Fisher has the goods to back up his claims, even if the numbers are obviously skewed to best represent his program. But how does his résumé compare to those coaching some of the country's other top programs?
I tried to come up with a way to accurately discern which schools play the most freshmen and decided true freshmen letterwinners was the simplest and most effective way to crunch the numbers. To earn a letter, a player has to actually play consistently through the season. The disclaimer is each program can use different benchmarks when awarding letters, but there is never going to be a perfect way.
I began with Florida State's, looking back at the 2011-2013 classes. To properly quantify the data from Florida State, I decided I'd look at the five schools ranked highest in the preseason polls that have had its coach in place at least five seasons. Oregon's Mark Helfrich was offered an exemption because he was promoted from within and is in his sixth season with the Ducks. Coaches in place at least five years was the stipulation since an incoming coach might be susceptible to playing the prospects he recruited or having a number of transfers that could open up starting or rotational spots.

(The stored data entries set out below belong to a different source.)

(* Let $\mathcal{H},\mathcal{K}$ be complex Hilbert spaces of dimension greater than $2$, and let $(f_*,f^* ):(\mathsf{P}(\mathcal{H}),\mathsf{L}(\mathcal{H}),\bar e_{\mathcal{H}})\to(\mathsf{P}(\mathcal{K}),\mathsf{L}(\mathcal{K}),\bar e_{\mathcal{K}})$ be a Chu morphism with $f_*$ injective. Then there is a semiunitary $U:\mathcal{H}\to\mathcal{K}$ such that $f_*=\mathsf{P}(U)$, i.e. $f_*([\psi])=[U\psi]$ for all nonzero $\psi\in\mathcal{H}$. Moreover $U$ is unique up to multiplication by a scalar of modulus $1$.
   Context: A Chu space over $[0,1]$ is a triple $(X,A,e)$ with $e:X\times A\to[0,1]$; a Chu morphism $(X,A,e)\to(X',A',e')$ is a pair $(f_*:X\to X',\,f^*:A'\to A)$ with $e(x,f^*(a'))=e'(f_*(x),a')$ for all $x,a'$. For a complex Hilbert space $\mathcal{H}$: $\mathsf{L}(\mathcal{H})$ is the set of closed subspaces, $P_S$ the orthogonal projector onto $S$, $\mathsf{P}(\mathcal{H})$ the set of rays $[\psi]=\{\lambda\psi:\lambda\in\mathbb{C}\}$ with $\psi\ne0$, and $\bar e_{\mathcal{H}}([\psi],S)=\|P_S\psi\|^2/\|\psi\|^2$. A map $U:\mathcal{H}\to\mathcal{K}$ is semiunitary if it is a bijection with $U(\phi+\psi)=U\phi+U\psi$, $U(\lambda\phi)=\sigma(\lambda)U\phi$, $\langle U\phi,U\psi\rangle=\sigma(\langle\phi,\psi\rangle)$, where $\sigma$ is the identity or complex conjugation. *)

From HB Require Import structures.
From mathcomp Require Import all_boot all_order all_algebra.
From mathcomp Require Import boolp classical_sets reals.
From mathcomp Require Import complex.
Set Implicit Arguments. Unset Strict Implicit. Unset Printing Implicit Defensive.
Import Order.TTheory GRing.Theory Num.Theory.
Local Open Scope ring_scope.
Local Open Scope classical_set_scope.

Section Hilbert.
Variable R : realType.
Notation C := (R[i]).
Variable H : lmodType C.
Variable ip : H -> H -> C.

Definition hnorm (x : H) : R := Num.sqrt (complex.Re (ip x x)).

Definition cauchy_seq (u : nat -> H) : Prop :=
  forall eps : R, 0 < eps -> exists N : nat,
    forall m n : nat, (N <= m)%N -> (N <= n)%N -> hnorm (u m - u n) < eps.

Definition converges_to (u : nat -> H) (l : H) : Prop :=
  forall eps : R, 0 < eps -> exists N : nat,
    forall n : nat, (N <= n)%N -> hnorm (u n - l) < eps.

Record is_hilbert : Prop := IsHilbert {
  ip_linear : forall (a : C) (x y z : H), ip x (a *: y + z) = a * ip x y + ip x z;
  ip_conj : forall x y : H, ip y x = (ip x y)^*;
  ip_pos : forall x : H, 0 <= ip x x;
  ip_definite : forall x : H, ip x x = 0 -> x = 0;
  ip_complete : forall u : nat -> H, cauchy_seq u -> exists l, converges_to u l
}.

Definition dim_gt2 : Prop :=
  exists x1 x2 x3 : H, forall a1 a2 a3 : C,
    a1 *: x1 + a2 *: x2 + a3 *: x3 = 0 -> [/\ a1 = 0, a2 = 0 & a3 = 0].

Definition closed_subspace (S : set H) : Prop :=
  [/\ S 0,
      (forall (a : C) x y, S x -> S y -> S (a *: x + y)) &
      (forall (u : nat -> H) l, (forall n, S (u n)) -> converges_to u l -> S l)].

Definition LH := {S : set H | closed_subspace S}.

Definition span1 (psi : H) : set H := [set lambda *: psi | lambda in [set: C]].

Definition is_ray (r : set H) : Prop := exists psi : H, psi <> 0 /\ r = span1 psi.

Definition PH := {r : set H | is_ray r}.

(* orthogonal projector P_S psi : the unique p in S with psi - p orthogonal to S
   (it exists and is unique since S is closed and H complete). *)
Definition is_proj (S : set H) (psi p : H) : Prop :=
  S p /\ forall s, S s -> ip s (psi - p) = 0.

Definition proj (S : set H) (psi : H) : H := xget 0 (is_proj S psi).

Definition ray_rep (r : set H) : H := xget 0 (fun psi => r psi /\ psi <> 0).

(* ebar([psi], S) = ||P_S psi||^2 / ||psi||^2  (independent of the representative) *)
Definition ebar (r : PH) (S : LH) : R :=
  let psi := ray_rep (proj1_sig r) in
  hnorm (proj (proj1_sig S) psi) ^+ 2 / hnorm psi ^+ 2.

End Hilbert.

Definition chu_morphism (R : Type) (X A X' A' : Type)
  (e : X -> A -> R) (e' : X' -> A' -> R) (f_ : X -> X') (f' : A' -> A) : Prop :=
  forall (x : X) (a' : A'), e x (f' a') = e' (f_ x) a'.

Definition semiunitary_with (R : realType) (H K : lmodType R[i])
  (ipH : H -> H -> R[i]) (ipK : K -> K -> R[i])
  (sigma : R[i] -> R[i]) (U : H -> K) : Prop :=
  [/\ bijective U,
      (forall phi psi, U (phi + psi) = U phi + U psi),
      (forall (lambda : R[i]) phi, U (lambda *: phi) = sigma lambda *: U phi) &
      (forall phi psi, ipK (U phi) (U psi) = sigma (ipH phi psi))].

Definition semiunitary (R : realType) (H K : lmodType R[i])
  (ipH : H -> H -> R[i]) (ipK : K -> K -> R[i]) (U : H -> K) : Prop :=
  semiunitary_with ipH ipK id U \/ semiunitary_with ipH ipK (fun z => z^*) U.

Definition induces (R : realType) (H K : lmodType R[i])
  (ipH : H -> H -> R[i]) (ipK : K -> K -> R[i])
  (fs : PH H -> PH K) (U : H -> K) : Prop :=
  forall (x : PH H) (psi : H), psi <> 0 -> proj1_sig x = span1 psi -> proj1_sig (fs x) = span1 (U psi).

From HB Require Import structures.
From mathcomp Require Import all_boot all_order all_algebra.
From mathcomp Require Import boolp classical_sets reals complex.
From mathcomp.algebra_tactics Require Import ring lra.
Set Implicit Arguments. Unset Strict Implicit. Unset Printing Implicit Defensive.
Import Order.TTheory GRing.Theory Num.Theory.
Local Open Scope ring_scope.
Local Notation "x %:C" := (real_complex _ x) : ring_scope.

The criteria: Each class was looked at and the total number of signees was pared down to just those who enrolled as members of the football team in the fall. Junior college signees were excluded, as were any recruits who were academically or medically disqualified before playing a game. That explains why the total number of freshmen for our purposes might look different than what might be seen on RecruitingNation. Any true freshmen who spent a year at a post-graduate or prep school was also excluded. Redshirt freshmen were disqualified, too.
Bottom line is if the player was not a part of the football team the fall following his high school graduation, he was excluded.
Nearly all of the data was collected after poring through media guides and archives, although the communications departments at some of the schools were also helpful providing numbers and deserve recognition.
So, here is the actual data:
It is hardly a coincidence that Fisher and Alabama's Nick Saban, who mentored Fisher at LSU, have identical percentages of true freshmen earning a letter. Fisher and Saban arguably have been the two best recruiters over the last few cycles, and, the data shows those two are not going to keep young talent off the field simply because of age. Nearly half of the true freshmen at Alabama and Florida State lettered over the last three seasons.
Mark Dantonio has built Michigan State into a national title contender in a different manor, relying on experience. Only 12 percent of true freshmen lettered over the last three seasons. Recruiting to Michigan State is not the easy task it is at some other top-10 programs, and the Spartans are not recruiting as many ESPN 300-level players as the likes of Alabama and Florida State.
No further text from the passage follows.